What is your immediate reaction when someone compliments you? Do you graciously say “thank you” or do you immediately tell the person all the reasons why the compliment they just gave you is completely false!
Recently I attended a presentation by Lisa Shorr of Shorr Style. Lisa, an image consultant, was talking about the typical reaction a woman has when being complimented and she inspired me to write about this topic.
I have struggled with taking compliments all my life. When I reflect back on it, there are two main reasons 1.) because I don’t like being the center of attention and called out for something or 2.) I think I have just done something wrong and I need to justify the compliment. No matter the reason, it is all due to my inner self-confidence!

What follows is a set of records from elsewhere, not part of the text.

Lemma nwords_avoids_cons n :
  b * nwords n avoids = nwords (n + 1) avoids + Zw0 w v [::] n.
Proof.
transitivity (nwords 1 (@predT (seq 'I_b)) * nwords n avoids); first by rewrite nwordsT expn1.
rewrite -nwords_cat addnC (nwordsID _ _ avoids); congr (_ + _).
  apply: eq_nwords => y _ /=; rewrite andb_idl // => /eqP occ_y.
  by rewrite eqn0Ngt; apply/negP => /(occ_catr_gt0 (take 1 y)); rewrite cat_take_drop occ_y.
have size_first : size (take 1 w) = 1 by rewrite size_takel.
rewrite Zw0E -[RHS]mul1n -[in RHS](nwords_pred1 (take 1 w)) size_first -nwords_cat addnC.
apply: eq_nwords => y /eqP size_y /=; rewrite suffix0s andbT.
case: eqP => [occ0|_]; rewrite ?andbF //=.
rewrite -lt0n -[y in occ w y](cat_take_drop 1) occ_cons_gt0 // size_takel //.
by rewrite size_y.
Qed.

(* Both sides are b f(n) - f(n+1), f(n) counting the words of length n avoiding w. *)
Lemma Zw0_sym n : Zw0 w [::] u n = Zw0 w v [::] n.
Proof.
apply/eqP; rewrite -(eqn_add2l (nwords (n + 1) avoids)).
by rewrite -nwords_avoids_rcons -nwords_avoids_cons mulnC.
Qed.

End Occurrences.

Section LaurentSeries.
Local Open Scope ring_scope.
Implicit Types (L a b : laurent) (s : int) (f g : nat -> nat).

Lemma lcoefE s f n : lcoef (Laurent s f) n = if s <= n then f `|n - s|%N else 0%N.
Proof. by rewrite /lcoef /= -subr_ge0; case: (n - s). Qed.

Lemma eq_laurent s1 s2 f1 f2 : s1 = s2 -> f1 =1 f2 ->
  leq_laurent (Laurent s1 f1) (Laurent s2 f2).
Proof. by move=> -> eq_f n; rewrite !lcoefE eq_f. Qed.

Lemma leq_laurent_refl a : leq_laurent a a.
Proof. by []. Qed.

Lemma leq_laurent_sym a b : leq_laurent a b -> leq_laurent b a.
Proof. by move=> eq_ab n; rewrite eq_ab. Qed.

Lemma leq_laurent_trans b a c : leq_laurent a b -> leq_laurent b c -> leq_laurent a c.
Proof. by move=> eq_ab eq_bc n; rewrite eq_ab eq_bc. Qed.

Lemma laurent_pad s d f : leq_laurent (Laurent (s - d%:Z) (pad d f)) (Laurent s f).
Proof.
move=> n; rewrite !lcoefE /pad.
have [le_sn|lt_ns] := lerP s n; first by rewrite ifT ?ifF; [congr f | |]; lia.
by case: ifP => // ?; rewrite ifT //; lia.
Qed.

Definition reshift (lo : int) L := Laurent lo (fun m => lcoef L (lo + m%:Z)).

Lemma lmul_reshiftl lo s f b : lo <= s ->
  leq_laurent (lmul (reshift lo (Laurent s f)) b) (lmul (Laurent s f) b).
Proof.
case: b => sb g le_lo /=; set d := `|s - lo|%N.
apply: leq_laurent_trans _ (laurent_pad (s + sb) d (conv f g)).
apply: eq_laurent => [|m] /=; first by rewrite /d; lia.
rewrite -conv_pad; apply: eq_bigr => i _; congr (_ * _); rewrite lcoefE /pad /d.
by case: ifP; case: ifP => // *; try congr f; lia.
Qed.

Lemma lmulC a b : leq_laurent (lmul a b) (lmul b a).
Proof. by apply: eq_laurent => [|n]; [rewrite addrC | exact: convC]. Qed.

Lemma lmulA a b c : leq_laurent (lmul (lmul a b) c) (lmul a (lmul b c)).
Proof. by apply: eq_laurent => [|n]; [rewrite addrA | exact: convA]. Qed.

Lemma lmul_reshift la lb sa fa sb fb : la <= sa -> lb <= sb ->
  leq_laurent (lmul (reshift la (Laurent sa fa)) (reshift lb (Laurent sb fb)))
              (lmul (Laurent sa fa) (Laurent sb fb)).
Proof.
move=> le_la le_lb; apply: leq_laurent_trans (lmulC _ _) _.
apply: leq_laurent_trans (lmul_reshiftl fb _ le_lb) _.
exact: leq_laurent_trans (lmulC _ _) (lmul_reshiftl fa _ le_la).
Qed.

(* Multiplication is defined on representatives, so compatibility with
   coefficientwise equality goes through representatives with a common shift. *)
Lemma lmul_congr a a' b b' : leq_laurent a a' -> leq_laurent b b' ->
  leq_laurent (lmul a b) (lmul a' b').
Proof.
case: a a' b b' => [sa fa] [sa' fa'] [sb fb] [sb' fb'] eq_a eq_b.
pose la : int := - (`|sa|%:Z + `|sa'|%:Z); pose lb : int := - (`|sb|%:Z + `|sb'|%:Z).
apply: leq_laurent_trans (leq_laurent_sym (@lmul_reshift la lb _ _ _ _ _ _)) _.
- by rewrite /la; lia.
- by rewrite /lb; lia.
apply: leq_laurent_trans _ (@lmul_reshift la lb _ _ _ _ _ _).
- by apply: eq_laurent => // m; apply: eq_bigr => i _; rewrite /= eq_a eq_b.
- by rewrite /la; lia.
- by rewrite /lb; lia.
Qed.

Lemma ps_shift s f g :
    (forall l m : nat, l%:Z = m%:Z + s -> f l = g m) ->
    (forall l : nat, l%:Z < s -> f l = 0%N) ->
    (forall m : nat, m%:Z + s < 0 -> g m = 0%N) ->
  leq_laurent (ps f) (Laurent s g).
Proof.
move=> eq_fg f0 g0 n; rewrite /ps !lcoefE.
by case: ifP; case: ifP => // *; [apply: eq_fg | rewrite f0 | rewrite g0]; lia.
Qed.

End LaurentSeries.

Section GeneratingFunctions.
Variables (b : nat) (w : seq 'I_b).
Hypothesis w_gt0 : (0 < size w)%N.
Local Notation p := (size w).
Local Notation u := (take p.-1 w).
Local Notation v := (behead w).
Local Notation s := (2%:Z - p%:Z)%R.

Lemma Zwp_succ_laurent x k : (size x <= p.-1)%N ->
  leq_laurent (ps (Zwp w x k.+1)) (lmul (tpow s) (lmul (ps (Zw0 w x u)) (ps (Zwp w v k)))).
Proof.
move=> le_x.
apply: leq_laurent_trans (ps_shift (s := s) (g := conv (Zw0 w x u) (Zwp w v k)) _ _ _) _.
- by move=> l m lm; apply: Zwp_succ => //; lia.
- move=> l lt_l; rewrite (_ : l = 0%N); last by lia.
  by rewrite /Zwp nwords0 (occ_nil w_gt0) /= andbF.
- move=> m lt_m; apply: big1 => i _; rewrite Zw0_u_small //.
  by have := ltn_ord i; lia.
by apply: eq_laurent => [|n]; [rewrite /=; lia | exact: esym (conv1 _ _)].
Qed.

Lemma Zwp_v_lexp k :
  leq_laurent (ps (Zwp w v k)) (lmul (lexp (lmul (tpow s) (ps (Zw0 w v u))) k) (ps (Zw0p w v))).
Proof.
elim: k => [|k IHk].
  by apply: eq_laurent => // n; rewrite Zwp0; exact: esym (conv1 _ _).
apply: leq_laurent_trans (Zwp_succ_laurent _ _) _; first by rewrite size_v.
apply: leq_laurent_trans
  (lmul_congr (leq_laurent_refl _) (lmul_congr (leq_laurent_refl _) IHk)) _.
apply: leq_laurent_trans (leq_laurent_sym (lmulA _ _ _)) _.
exact: leq_laurent_sym (lmulA _ _ _).
Qed.

End GeneratingFunctions.

Theorem lemma7 (b : nat) (hb : (2 <= b)%N) (w : seq 'I_b) (hw : (0 < size w)%N)
  (k : nat) (hk : (1 <= k)%N) :
  let p := size w in
  let u := take p.-1 w in
  let v := behead w in
  leq_laurent (ps (Zw w k))
    (lmul (tpow (2%:Z - p%:Z)%R)
      (lmul (lexp (lmul (tpow (2%:Z - p%:Z)%R) (ps (Zw0 w v u))) k.-1)
            (lmul (ps (Zw0p w v)) (ps (Zw0p w v))))).
Proof.
move=> p u v; case: k hk => // k _ /=.
have Zw_Zwp : leq_laurent (ps (Zw w k.+1)) (ps (Zwp w [::] k.+1)).
  by apply: eq_laurent => // n; exact: ZwE.
have Zw0_sym_laurent : leq_laurent (ps (Zw0 w [::] u)) (ps (Zw0p w v)).
  by apply: eq_laurent => // n; exact: Zw0_sym.
apply: leq_laurent_trans Zw_Zwp _.
apply: leq_laurent_trans (Zwp_succ_laurent hw _ _) _ => //.
apply: lmul_congr (leq_laurent_refl _) _.
apply: leq_laurent_trans (lmul_congr Zw0_sym_laurent (Zwp_v_lexp hw k)) _.
exact: leq_laurent_trans (lmulC _ _) (lmulA _ _ _).
Qed.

Women try to shrink themselves
In the past when I was told “you’re so smart” I would say something like “oh, not really, I just study hard.” Then I would quickly change the topic to take the focus off me. Do you ever do this?
Chimamanda Ngozi Adichie has said it’s hard for women to accept compliments because “we teach girls to shrink themselves smaller”. When I heard this, I yelled “Yes!” this is what I’ve always done. I want the attention off me, I want to shrink! Listen to her Ted talk – amazing. Or you can also read her bestseller “We Should All Be Feminists.”
Women denigrate themselves
It is so hard to accept a compliment. In the past if I was told my dress was pretty, I would immediately answer “I got it on sale, 75% off!” I still have to work on this. Just the other day I was in my favorite boutique and they complimented me on my coat. My response was “I’ve had it for years”. Their response to that was “you always say that!” Ouch, that was true. Why did I feel compelled to tell them how old the coat was? Why couldn’t I and why can’t other women just say “thank you?”
Women must own the compliments.
I know it is difficult to break our habits but we must accept compliments. If not to improve our own self-esteem then, most importantly, to set a good example for our daughters. You are the #1 role model for your daughter so she is learning from you how to handle compliments.
If you struggle with accepting compliments graciously, here are some tips that have helped me:
- Own the compliment, internalize it, and let it boost your self-confidence. First, say to your inner self – yes, that’s true! Stand tall and put a big smile on your face!
- Say “thank you”. If you do nothing more, make sure you follow-up with “thanks, how nice of you to say that.”
- Agree with the compliment. And if you can, just, add your own twist to the compliment, something such as “I love this dress too. It is one of my favorites. It makes me feel good when I wear it.”
- Never, ever, put yourself down!
As I said, I am still working on it but I am improving. I hope these tips help you! Be thankful!